Who Popularised The Modern Driveway?

Stephen Turnbull • April 22, 2024

Who Popularised The Modern Driveway?

The home and its surroundings have evolved based not only on changing trends and the availability of materials but also on the needs of the people who live in them.


The
driveway is no exception, and whilst it is difficult to think of a home with a front garden that does not have space for a river of gravel leading up to the garage and the front door, this was not always the case.


Whilst finding the origin of the invention of drives and patios can be a difficult exercise, there is one man who arguably did more than any other to make drives the standard for houses of all shapes and sizes.

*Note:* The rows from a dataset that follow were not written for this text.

(* For $R>0$, let $s(R)=\tanh\frac R2$. Then the geodesic ball of radius $R$ about $\mathbf 0$ with respect to $g_{\tilde B}$ equals the Euclidean ball of radius $s(R)$ about $\mathbf 0$: $B^{g_{\tilde B}}_R(\mathbf 0)=B^{\mathbb R}_{s(R)}(\mathbf 0)$.
   Context: On the open unit ball $\mathbb B^{2n+2}\subset\mathbb R^{2n+2}\cong\mathbb C^{n+1}$ (coordinates $z_j=x_j+iy_j$, $r=|z|$), let $\theta=r^{-2}\sum_j(x_jdy_j-y_jdx_j)$ and let $g_{\tilde B}=\frac{4}{(1-r^2)^2}g_{\mathbb R}+\frac{16r^4}{(1-r^2)^4}\theta^2$ be the modified Bergman metric, where $g_{\mathbb R}$ is the Euclidean metric. *)

From Stdlib Require Import Reals Lra.
From Coquelicot Require Import Coquelicot.
Open Scope R_scope.

(* A point of R^{2n+2} = C^{n+1} is encoded as p : nat -> R with
   x_j = p (2j), y_j = p (2j+1), j = 0..n; coordinates >= 2n+2 are ignored. *)

Definition sqnorm (n : nat) (p : nat -> R) : R :=
  sum_f_R0 (fun k => p k ^ 2) (2 * n + 1).

(* omega_p(v) = sum_j (x_j dy_j - y_j dx_j)(v) = r^2 theta_p(v) *)
Definition omega (n : nat) (p v : nat -> R) : R :=
  sum_f_R0 (fun j => p (2 * j)%nat * v (2 * j + 1)%nat
                     - p (2 * j + 1)%nat * v (2 * j)%nat) n.

(* modified Bergman metric g_B~ at p applied to (v,v):
   4/(1-r^2)^2 |v|^2 + 16 r^4/(1-r^2)^4 theta(v)^2, with r^4 theta(v)^2 = omega(v)^2 *)
Definition gB (n : nat) (p v : nat -> R) : R :=
  4 / (1 - sqnorm n p) ^ 2 * sqnorm n v
  + 16 / (1 - sqnorm n p) ^ 4 * (omega n p v) ^ 2.

Definition admissible_curve (n : nat) (c : nat -> R -> R) (p : nat -> R) : Prop :=
  (forall k, (k < 2 * n + 2)%nat ->
     (forall t, 0 <= t <= 1 -> ex_derive (c k) t /\ continuous (Derive (c k)) t)
     /\ c k 0 = 0 /\ c k 1 = p k)
  /\ (forall t, 0 <= t <= 1 -> sqnorm n (fun k => c k t) < 1).

Definition gB_length (n : nat) (c : nat -> R -> R) : R :=
  RInt (fun t => sqrt (gB n (fun k => c k t) (fun k => Derive (c k) t))) 0 1.

(* p lies in the geodesic ball B^{g_B~}_Rad(0): p in B^{2n+2} and the
   Riemannian distance d(0,p) = inf of lengths of admissible curves is < Rad,
   i.e. some admissible curve from 0 to p has length < Rad. *)
Definition geodesic_ball (n : nat) (Rad : R) (p : nat -> R) : Prop :=
  sqnorm n p < 1 /\
  exists c, admissible_curve n c p /\ gB_length n c < Rad.

Definition euclid_ball (n : nat) (s : R) (p : nat -> R) : Prop :=
  sqrt (sqnorm n p) < s.

From Stdlib Require Import Reals Lra Lia Psatz FunctionalExtensionality.
From Coquelicot Require Import Coquelicot.
Open Scope R_scope.

(* Dropping the [theta^2] term, [g] dominates the Poincare metric
   [4 |dx|^2 / (1 - |x|^2)^2], and since [|c'| >= |c|'] every curve from [0]
   to [p] has length at least [ln ((1 + |p|) / (1 - |p|)) = 2 artanh |p|].
   Along the radial segment [t p] the form [theta] vanishes and the bound is
   attained, so [d(0, p) = 2 artanh |p|], which is [< R] iff [|p| < tanh (R/2)]. *)

Lemma sum_f_R0_continuous (f : nat -> R -> R) (N : nat) (t : R) :
  (forall k, (k <= N)%nat -> continuous (f k) t) ->
  continuous (fun t => sum_f_R0 (fun k => f k t) N) t.
Proof.
  induction N as [|N IH]; intros Hf; cbn [sum_f_R0].
  - now apply Hf.
  - apply (continuous_plus (fun t => sum_f_R0 (fun k => f k t) N)).
    + apply IH; intros k Hk; apply Hf; lia.
    + apply Hf; lia.
Qed.
Lemma cpointsS s Xs : cpoints s.+1 Xs = cpoints s Xs ++ Xs s.
Proof. by rewrite /cpoints -addn1 iotaD map_cat flatten_cat /= cats0. Qed.

Lemma eq_cpoints s Xs Xs' : (forall i, i < s -> Xs i = Xs' i) ->
  cpoints s Xs = cpoints s Xs'.
Proof.
move=> eXs; rewrite /cpoints; congr flatten; apply/eq_in_map => i.
by rewrite mem_iota add0n => /eXs.
Qed.

Lemma mem_cpointsP s Xs P :
  reflect (exists2 i, i < s & P \in Xs i) (P \in cpoints s Xs).
Proof.
apply: (iffP idP).
  elim: s => [|s IH] //; rewrite cpointsS mem_cat => /orP[/IH[i lt_is Pi]|Ps].
    by exists i => //; apply: ltnW.
  by exists s.
case=> i; elim: s => [|s IH] //; rewrite cpointsS mem_cat ltnS leq_eqVlt.
by case/orP => [/eqP-> ->|/IH/[apply] ->]; rewrite ?orbT.
Qed.

Lemma config_prefix s Xs Ls : config s.+1 Xs Ls -> config s Xs Ls.
Proof.
case=> sizeX onX injL offX; split.
- by move=> i lt_is; apply: sizeX; apply: ltnW.
- by move=> i P lt_is; apply: onX; apply: ltnW.
- by move=> i j lt_is lt_js; apply: injL; apply: ltnW.
- by move=> i j lt_ji lt_is; apply: offX => //; apply: ltnW.
Qed.

Section LastLine.
Variables (s : nat) (Xs : nat -> seq T) (Ls : nat -> T).
Hypothesis cfgX : config s.+1 Xs Ls.

Lemma cpoints_off_last P : P \in cpoints s Xs -> ~~ on P (Ls s).
Proof. by case: cfgX => _ _ _ offX /mem_cpointsP[i lt_is Pi]; apply: (offX s i). Qed.

Lemma npts_prefix_last : npts (cpoints s Xs) (Ls s) = 0.
Proof.
apply/eqP; rewrite -leqn0 leqNgt -has_count; apply/hasP => [[P /cpoints_off_last]].
by move/negbTE => ->.
Qed.

Lemma npts_last_line : npts (Xs s) (Ls s) = s.+1.
Proof.
case: cfgX => sizeX onX _ _; have [_ <-] := sizeX s (ltnSn s).
by apply/eqP; rewrite -all_count; apply/allP => P; apply: onX.
Qed.

Lemma npts_last_other L : L != Ls s -> npts (Xs s) L <= 1.
Proof.
case: cfgX => sizeX onX _ _ LLs; apply: count_le1; first by case: (sizeX s (ltnSn s)).
by move=> P Q Ps Qs PL QL; apply: (meet_uniq LLs) => //; apply: onX.
Qed.

End LastLine.

Lemma npts_cpointsS s Xs L : npts (cpoints s.+1 Xs) L = npts (cpoints s Xs) L + npts (Xs s) L.
Proof. by rewrite /npts cpointsS count_cat. Qed.

Lemma uniq_cpoints s Xs Ls : config s Xs Ls -> uniq (cpoints s Xs).
Proof.
elim: s => [|s IH] cfgX //; rewrite cpointsS cat_uniq (IH (config_prefix cfgX)) /=.
have [sizeX onX _ _] := cfgX; have [-> _] := sizeX s (ltnSn s); rewrite andbT.
by apply/hasPn => P Ps; apply/negP => /(cpoints_off_last cfgX); rewrite onX.
Qed.

Lemma size_cpoints s Xs Ls : config s Xs Ls -> 2 * size (cpoints s Xs) = s * s.+1.
Proof.
elim: s => [|s IH] cfgX //; rewrite cpointsS size_cat mulnDr (IH (config_prefix cfgX)).
by have [sizeX _ _ _] := cfgX; have [_ ->] := sizeX s (ltnSn s); lia.
Qed.

Lemma npts_cpoints_le s Xs Ls L : config s Xs Ls -> npts (cpoints s Xs) L <= s.
Proof.
elim: s => [|s IH] cfgX //; have [->|LLs] := eqVneq L (Ls s).
  by rewrite npts_cpointsS npts_prefix_last ?npts_last_line.
rewrite npts_cpointsS; have := IH (config_prefix cfgX).
by have := npts_last_other cfgX LLs; lia.
Qed.

Lemma npts_cpoints_last s Xs Ls : config s.+1 Xs Ls -> npts (cpoints s.+1 Xs) (Ls s) = s.+1.
Proof. by move=> cfgX; rewrite npts_cpointsS npts_prefix_last ?npts_last_line. Qed.

(* For [1 < s], a line with [s] points of [X] is the line through two of them. *)
Definition full_lines s (X : seq T) :=
  undup [seq L <- [seq line_through P Q | P <- X, Q <- X] | npts X L == s].

Lemma uniq_full_lines s X : uniq (full_lines s X).
Proof. exact: undup_uniq. Qed.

Lancelot Brown, known by many as
“Capability” Brown due to his common refrain that claimed a garden or landscape had the capability for improvement, was one of the most prolific gardeners and landscape architects during a period of tremendous change for their design.


He believed in a simple and relatively subtle approach that embraced the natural beauty of the parks and country houses that he worked in, to the point that his obituary opined that he copied nature so closely that his landscaping was often mistaken as such.


One of the keys to this was a staged, stepped approach to his design and a mix of naturalistic construction and authoritarian controlled nature.


The best example of the former was his common use of the sweeping drive in an age that predated the motor car, turning what was traditionally seen as a mere necessity for guests to reach the estate itself into a self-directed tour of the estate itself.


By extension, as these landscapes were intended to reflect the particular interests of the owner of the estate, they created a fascinating journey in themselves, one captured in a particularly vivid passage of
Jane Austen’s Pride and Prejudice.


As design trends tend to spread from the top down, these ideas would later lead to the wider adoption of the drive as a standard part of the British home.